Return exactly these lines and no others: the one containing "- apply is_lim_seq_of_eventually_bounds;" and all that follow it to the end of the listing below.

****

Lemma crit_root_ratio_lt t : a < t ->
  exists C, forall N z, C <= N -> 0 < z < N - 1 -> crit N z = 0 -> z / (N - 1) < t.
Proof.
  intros Ht; destruct (Rle_or_lt 1 t) as [Ht1|Ht1].
  - exists 2; intros N z HN Hz _.
    apply (Rlt_le_trans _ 1); [apply Rlt_div_l; lra | lra].
  - set (k := (1 - t) * (t - a)).
    assert (Hk : 0 < k) by (unfold k; nra).
    exists (2 + 3 * a / k); intros N z HN Hz Ez.
    set (m := N - 1) in *.
    assert (Hm1 : 1 <= m).
    { assert (0 < 3 * a / k) by (apply Rdiv_lt_0_compat; lra); unfold m; lra. }
    assert (Hm : 3 * a <= k * m).
    { replace (3 * a) with (k * (3 * a / k)) by (field; lra).
      apply Rmult_le_compat_l; unfold m; lra. }
    assert (Hpos : 0 < crit N (t * m)).
    { apply crit_pos_of; [fold m; split; nra|].
      replace (N - t * m) with ((1 - t) * m + 1) by (unfold m; ring).
      replace (N - 1 - t * m) with ((1 - t) * m) by (unfold m; ring).
      assert (3 * a * m <= k * m * m) by (apply Rmult_le_compat_r; lra).
      assert (0 <= a * t * m) by (repeat apply Rmult_le_pos; lra).
      unfold k in *; nra. }
    apply Rlt_div_l; [lra|].
    apply (crit_lt_inv N); fold m; [lra | split; nra | lra].
Qed.

End TurningPoint.

Lemma g_gr H n x : g H n x = gr (H - 1/2) (INR n) x.
Proof. unfold g, phi, gr; do 2 f_equal; ring. Qed.

Theorem lemmaA1 (H : R) (hH : 1/2 < H < 1) :
  exists xs : nat -> R,
    (forall n : nat, (1 < n)%nat ->
       turning_point H n (xs n) /\
       (forall y : R, turning_point H n y -> y = xs n)) /\
    is_lim_seq (fun n : nat => xs n / (INR n - 1)) (H - 1/2).
Proof.
  set (a := H - 1/2); assert (Ha : 0 < a < 1) by (unfold a; lra).
  destruct (choice (fun n z => (1 < n)%nat -> 0 < z < INR n - 1 /\ crit a (INR n) z = 0))
    as [xs Hxs].
  { intros n; destruct (Nat.lt_ge_cases 1 n) as [hn|hn].
    - assert (2 <= INR n) by (change 2 with (INR 2); apply le_INR; lia).
      destruct (crit_root_exists a Ha (INR n)) as [z Hz]; [lra|].
      exists z; intros _; exact Hz.
    - exists 0; intros; lia. }
  assert (Htp : forall n, (1 < n)%nat -> turning_point H n (xs n)).
  { intros n hn; destruct (Hxs n hn) as [Hz Ez].
    destruct (gr_turning a Ha (INR n) (xs n) Hz Ez) as [Hdecr Hincr].
    repeat split; try lra; intros u v Hu Huv Hv; rewrite !g_gr; auto. }
  exists xs; split.
  - intros n hn; split; [now apply Htp|].
    intros y Hy; destruct Hy as (Hy0 & Hy1 & Hydecr & Hyincr).
    destruct (Htp n hn) as (Hx0 & Hx1 & Hxdecr & Hxincr).
    exact (strict_decr_incr_unique _ 0 (INR n - 1) y (xs n) Hy0 Hy1 Hx0 Hx1
             Hydecr Hyincr Hxdecr Hxincr).
  - apply is_lim_seq_of_eventually_bounds; intros eps Heps.
    + destruct (crit_root_ratio_gt a Ha (a - eps)) as [C HC]; [lra|].
      apply (filter_imp _ _ (fun n '(conj hn HCn) => HC _ _ HCn (proj1 (Hxs n hn))
        (proj2 (Hxs n hn))) (eventually_INR_ge C)).
    + destruct (crit_root_ratio_lt a Ha (a + eps)) as [C HC]; [lra|].
      apply (filter_imp _ _ (fun n '(conj hn HCn) => HC _ _ HCn (proj1 (Hxs n hn))
        (proj2 (Hxs n hn))) (eventually_INR_ge C)).
Qed.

****

ANSWER:
  - apply is_lim_seq_of_eventually_bounds; intros eps Heps.
    + destruct (crit_root_ratio_gt a Ha (a - eps)) as [C HC]; [lra|].
      apply (filter_imp _ _ (fun n '(conj hn HCn) => HC _ _ HCn (proj1 (Hxs n hn))
        (proj2 (Hxs n hn))) (eventually_INR_ge C)).
    + destruct (crit_root_ratio_lt a Ha (a + eps)) as [C HC]; [lra|].
      apply (filter_imp _ _ (fun n '(conj hn HCn) => HC _ _ HCn (proj1 (Hxs n hn))
        (proj2 (Hxs n hn))) (eventually_INR_ge C)).
Qed.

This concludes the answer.